# American Invasion 08



## Dougald (Jan 2, 2008)

The 2008 edition of the annual American Invasion will be held in Ottawa July 17-20.


This event focusses on operations in large scale with battery and steam powered locomotives.  This year, the plan under development would be for me to host the steamup and a barbeque on Thursday, July 17.  The early arrivers could enjoy some initial track time and socializing before commencing with a more formal operating session on friday.  The big formal operation will be held on saturday as has been the tradition.  Visits to David McCurdy's large Rio Grande Southern will also be arranged as well as perhaps an operating session on a well known smaller scale indoor railroad.


After last year's deluge on the friday washed out most of that day, a rain day plan will be in place to keep everyone busy in the event of an all day downpour.  During the rain last year, the group was able to visit the restoration facilities at the Museum of Technology and while they were there, the museum's shay was steamed and operating.


All are welcome to attend.  The host railroad, the IPP&W (see www.ovgrs.org ) does not have track power and all rolling stock is kadee coupler equipped.  For the operating sessions, attendees are invited to use their own locos or to use those of the hosting railroad. 

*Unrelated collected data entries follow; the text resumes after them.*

Lemma sum_nuc m : \sum_(a < p) nuc n a m = m.
Proof.
elim: m => [|m IH]; first by rewrite big1.
rewrite (eq_bigr (fun a : 'I_p => nuc n a m + (aidx n m == a))); last by move=> a _; rewrite nucS.
rewrite big_split /= IH (bigD1 (Ordinal (aidx_lt m))) //= eqxx big1 ?addn0 ?addn1 //.
move=> b hb; case: eqP => // e; case/eqP: hb.
by apply: val_inj; rewrite /= e.
Qed.

Lemma lplus_spec (a : 'I_p) l :
  aidx n (lplus n a l) = a /\ kidx n (lplus n a l) = nuc n a l.
Proof.
set P := fun d => aidx n (l + d) == a.
have hasPf : has P (iota 0 (ctotal n)).
  have : nuc n a l < nuc n a (l + ctotal n) by rewrite nuc_period -addn1 leq_add2l.
  rewrite nucD -ltn_subLR // subnn -has_count.
  by rewrite -[l in iota l]addn0 iotaDl has_map.
have [_ Pf bf] := find_iota0P hasPf.
rewrite /lplus -/P; set f := find _ _ in Pf bf *.
have e : aidx n (l + f) = a by apply/eqP.
split => //; rewrite kidx_nuc e nucD; apply/eqP; rewrite -{2}[nuc n a l]addn0 eqn_add2l.
rewrite -leqn0 leqNgt -has_count; apply/hasP => -[j]; rewrite mem_iota => /andP[lj jf] hj.
by have := bf (j - l); rewrite /P subnKC // hj => /(_ _) /negP; apply => //; lia.
Qed.
From Pilot Require Import Defs.
From HB Require Import structures.
From mathcomp Require Import all_boot all_order all_algebra all_fingroup.
From mathcomp Require Import ring lra.
Import Order.TTheory GRing.Theory Num.Theory.
Local Open Scope ring_scope.
Set Implicit Arguments. Unset Strict Implicit. Unset Printing Implicit Defensive.

(* For n = m + 3 put chi x = [x = 0] - [x = 1] and A_e = n^-2 J + e chi(x) chi(y) chi(z).
   Averaging the diagonals {(i, s i + a, t i + c)} over all shifts a, c gives n^-2 J, and
   chi(x) chi(y) chi(z) is a signed combination of eight diagonals, so A_e lies in the hull
   for small |e|.  A diagonal {(i, s i, t i)} meets the support of chi(x) chi(y) chi(z) only at
   i = 0, 1, so its contribution to Per A_e + Per A_-e is 2 n^-2n + 2 e^2 n^(-2(n-2)) b0 b1
   with b_k = chi(k) chi(s k) chi(t k).  Here b0 b1 <= 0 because s and t are injective, and
   b0 b1 < 0 for s = 1, t = (0 1).
   Summing over the (n!)^2 pairs (s, t) gives Per A_e + Per A_-e < 2 (n!/n^n)^2. *)

Section Diagonals.
Variable n : nat.
Implicit Types (s t : {perm 'I_n}) (D : {set pos n}).

Definition diagset s t : {set pos n} := [set (i, s i, t i) | i : 'I_n].

Lemma mem_diagset s t (p : pos n) :
  (p \in diagset s t) = (p.1.2 == s p.1.1) && (p.2 == t p.1.1).
Proof.
case: p => [[x y] z] /=.
by apply/imsetP/andP => [[i _ [-> -> ->]] | [/eqP -> /eqP ->]]; last exists x.
Qed.

Lemma diag_inj s t : injective (fun i : 'I_n => (i, s i, t i)).
Proof. by move=> i j [->]. Qed.

Lemma diagset_inj : injective (fun st : {perm 'I_n} * {perm 'I_n} => diagset st.1 st.2).
Proof.
move=> [s t] [s' t'] /= /setP eqD; congr (_, _); apply/permP => i.
- by have := eqD (i, s i, t i); rewrite !mem_diagset /= !eqxx => /esym/andP[/eqP].
- by have := eqD (i, s i, t i); rewrite !mem_diagset /= !eqxx => /esym/andP[_ /eqP].
Qed.

Lemma diagonal_diagset s t : diagonal (diagset s t).
Proof.
apply/andP; split; first by rewrite card_imset ?card_ord //; apply: diag_inj.
apply/forall_inP => _ /imsetP [i _ ->]; apply/forall_inP => _ /imsetP [j _ ->].
apply/implyP => neq; have nij : i != j by apply: contra neq => /eqP ->.
apply/forallP => -[[|[|[|k]]] lt_k3] //=; rewrite /Defs.coord //=.
- by rewrite (inj_eq perm_inj).
- by rewrite (inj_eq perm_inj).
Qed.

Lemma diagonal_diagsetP D : diagonal D -> exists s t, D = diagset s t.
Proof.
move=> /andP [/eqP cardD /forall_inP diagD].
have coordD p q k : p \in D -> q \in D -> Defs.coord k p = Defs.coord k q -> p = q.
  move=> pD qD eq_pq; apply/eqP; apply: contraT => neq_pq.
  move: (diagD p pD) => /forall_inP /(_ q qD) /implyP /(_ neq_pq) /forallP /(_ k).
  by rewrite eq_pq eqxx.
have inj1 : {in D &, injective (fun p : pos n => p.1.1)}.
  by move=> p q pD qD; apply: (coordD _ _ ord0).
have onto1 i : exists p, (p \in D) && (p.1.1 == i).
  have : i \in [set p.1.1 | p in D].
    suff -> : [set p.1.1 | p in D] = setT by rewrite inE.
    by apply/eqP; rewrite eqEcard subsetT card_in_imset // cardsT card_ord cardD leqnn.
  by case/imsetP => p pD ->; exists p; rewrite pD eqxx.
have [F /all_and2 [FD F1]] : exists F : 'I_n -> pos n, forall i, F i \in D /\ (F i).1.1 = i.
  by have [F HF] := fin_all_exists onto1; exists F => i; case/andP: (HF i) => -> /eqP.
have injF k : injective (fun i => Defs.coord k (F i)).
  move=> i j eqij; have := coordD _ _ _ (FD i) (FD j) eqij.
  by move=> /(congr1 (fun p : pos n => p.1.1)); rewrite !F1.
exists (perm (injF (Ordinal (isT : 1 < 3)%N))), (perm (injF (Ordinal (isT : 2 < 3)%N))).
apply/setP => -[[x y] z]; rewrite mem_diagset !permE /Defs.coord /=.
apply/idP/andP => [xyzD | [/eqP -> /eqP ->]].
  by have := inj1 _ _ xyzD (FD x); rewrite F1 => /(_ erefl) <-.
by have := FD x; move: (F1 x); case: (F x) => [[? ?] ?] /= ->.
Qed.

Lemma Per_perm (R : realFieldType) (A : mat3 R n) :
  Per A = \sum_(s : {perm 'I_n}) \sum_(t : {perm 'I_n}) \prod_i A (i, s i, t i).
Proof.
rewrite /Per (eq_bigl (mem (imset (fun st => diagset st.1 st.2) (mem setT)))).
  rewrite big_imset /=; last by move=> ? ? _ _; apply: diagset_inj.
  rewrite pair_big_dep /=; apply: eq_big => [[s t]|[s t] _]; first by rewrite inE.
  by rewrite big_imset //= => i j _ _; apply: diag_inj.
move=> D; apply/idP/imsetP => [/diagonal_diagsetP [s [t ->]] | [[s t] _ ->]].
  by exists (s, t).
exact: diagonal_diagset.
Qed.

End Diagonals.

Definition diagmat (R : nzRingType) n (s t : {perm 'I_n}) : mat3 R n :=
  [ffun p => (p \in diagset s t)%:R].

Lemma diagmatE (R : nzRingType) n (s t : {perm 'I_n}) (p : pos n) :
  diagmat R s t p = (p.1.2 == s p.1.1)%:R * (p.2 == t p.1.1)%:R.
Proof. by rewrite ffunE mem_diagset -mulnb natrM. Qed.

Lemma Lambda2_diagmat (R : nzRingType) n (s t : {perm 'I_n}) : Lambda2 (diagmat R s t).
Proof.
split=> [p | k v]; first by rewrite ffunE; case: (_ \in _); [right | left].
have eq1 p : (diagmat R s t p == 1) = (p \in diagset s t).
  by rewrite ffunE; case: (_ \in _); rewrite ?eqxx // eq_sym oner_eq0.
have card_plane (f : 'I_n -> 'I_n) (g := fun i => Defs.coord k (i, s i, t i)) :
    cancel f g -> cancel g f -> #|[set p in plane k v | diagmat R s t p == 1]| = 1%N.
  move=> fK gK; rewrite -(cards1 (f v, s (f v), t (f v))); apply: eq_card => p.
  rewrite !inE eq1; apply/andP/eqP => [[/eqP <- /imsetP [i _ ->]] | ->].
    by rewrite gK.
  by move: (fK v); rewrite /g /= => ->; rewrite eqxx imset_f.
move: card_plane; case: k => [[|[|[|k]]] lt_k3] // card_plane.
- exact: (card_plane id).
- by apply: (card_plane (s^-1)%g) => i; rewrite /Defs.coord /= ?permK ?permKV.
- by apply: (card_plane (t^-1)%g) => i; rewrite /Defs.coord /= ?permK ?permKV.
Qed.

Lemma hull_comb (R : realFieldType) n (X : mat3 R n -> Prop) (I : finType)
    (c : I -> R) (L : I -> mat3 R n) :
  (forall k, X (L k)) -> (forall k, 0 <= c k) -> \sum_k c k = 1 ->
  Hull X [ffun p => \sum_k c k * L k p].
Proof.
move=> XL c_ge0 sum_c; exists #|I|, (c \o enum_val), (L \o enum_val).
split; [by move=> k; apply: XL | split; [by move=> k; apply: c_ge0 | split]].
  by rewrite -(big_enum_val (A := I)).
by apply/ffunP => p; rewrite !ffunE -(big_enum_val (A := I) (fun k => c k * L k p)).
Qed.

The event normally attracts about 20 "invaders".  Anyone who wishes to attend may contact me by email for details.


Regards ... Doug


----------



## Tom Bowdler (Jan 3, 2008)

I've put it on the calendar and Jane I hope to attend to "defend" the live steamers abilities to "operate" with more than just the crack through passenger train. 
I better get working on my C-16. 
Best, 
Tom


----------



## rgolding (Jan 2, 2008)

It is on our calendar and plans are already underway to make it another great trip and vacation.


----------



## Torby (Jan 2, 2008)

I just put it on my MLS calendar.


----------



## Dougald (Jan 2, 2008)

Tom 

I will be with you in the defence of live steam. I am sure that with several of us running our steamers on mostly freight switching assignments that we can tie up the mainline quite well!! 

In last year's Invasion, John Spencer ran his radio controlled Pearse while Roger Caiazza was at the controls of my Accucraft shay. Both engineers put in a fine performance diuring the formal operation handling full switching assignments. 

Last year, Ric Golding used a sparky to fill the role of yardmaster at Craig Leigh. We'll be on him this year to use his Accucraft shay.  After all, I ran my shay during Ric's spring ops last year on the Kaskaskia Valley.

Regards ... Doug


----------



## rgolding (Jan 2, 2008)

Tom, 

What Doug says is correct - "Last year, Ric Golding used a sparky to fill the role of yardmaster at Craig Leigh. We'll be on him this year to use his Accucraft shay. After all, I ran my shay during Ric's spring ops last year on the Kaskaskia Valley." 

The powers that be are a lot easier to deal on the KVRwy than the brass of the IPP&WRR. 

I can just hear the grief, I'll get if I can't keep the Craog Leigh Yard clear for incoming traffic and balance the outflow to meet the schedule layed down by the Head Office. 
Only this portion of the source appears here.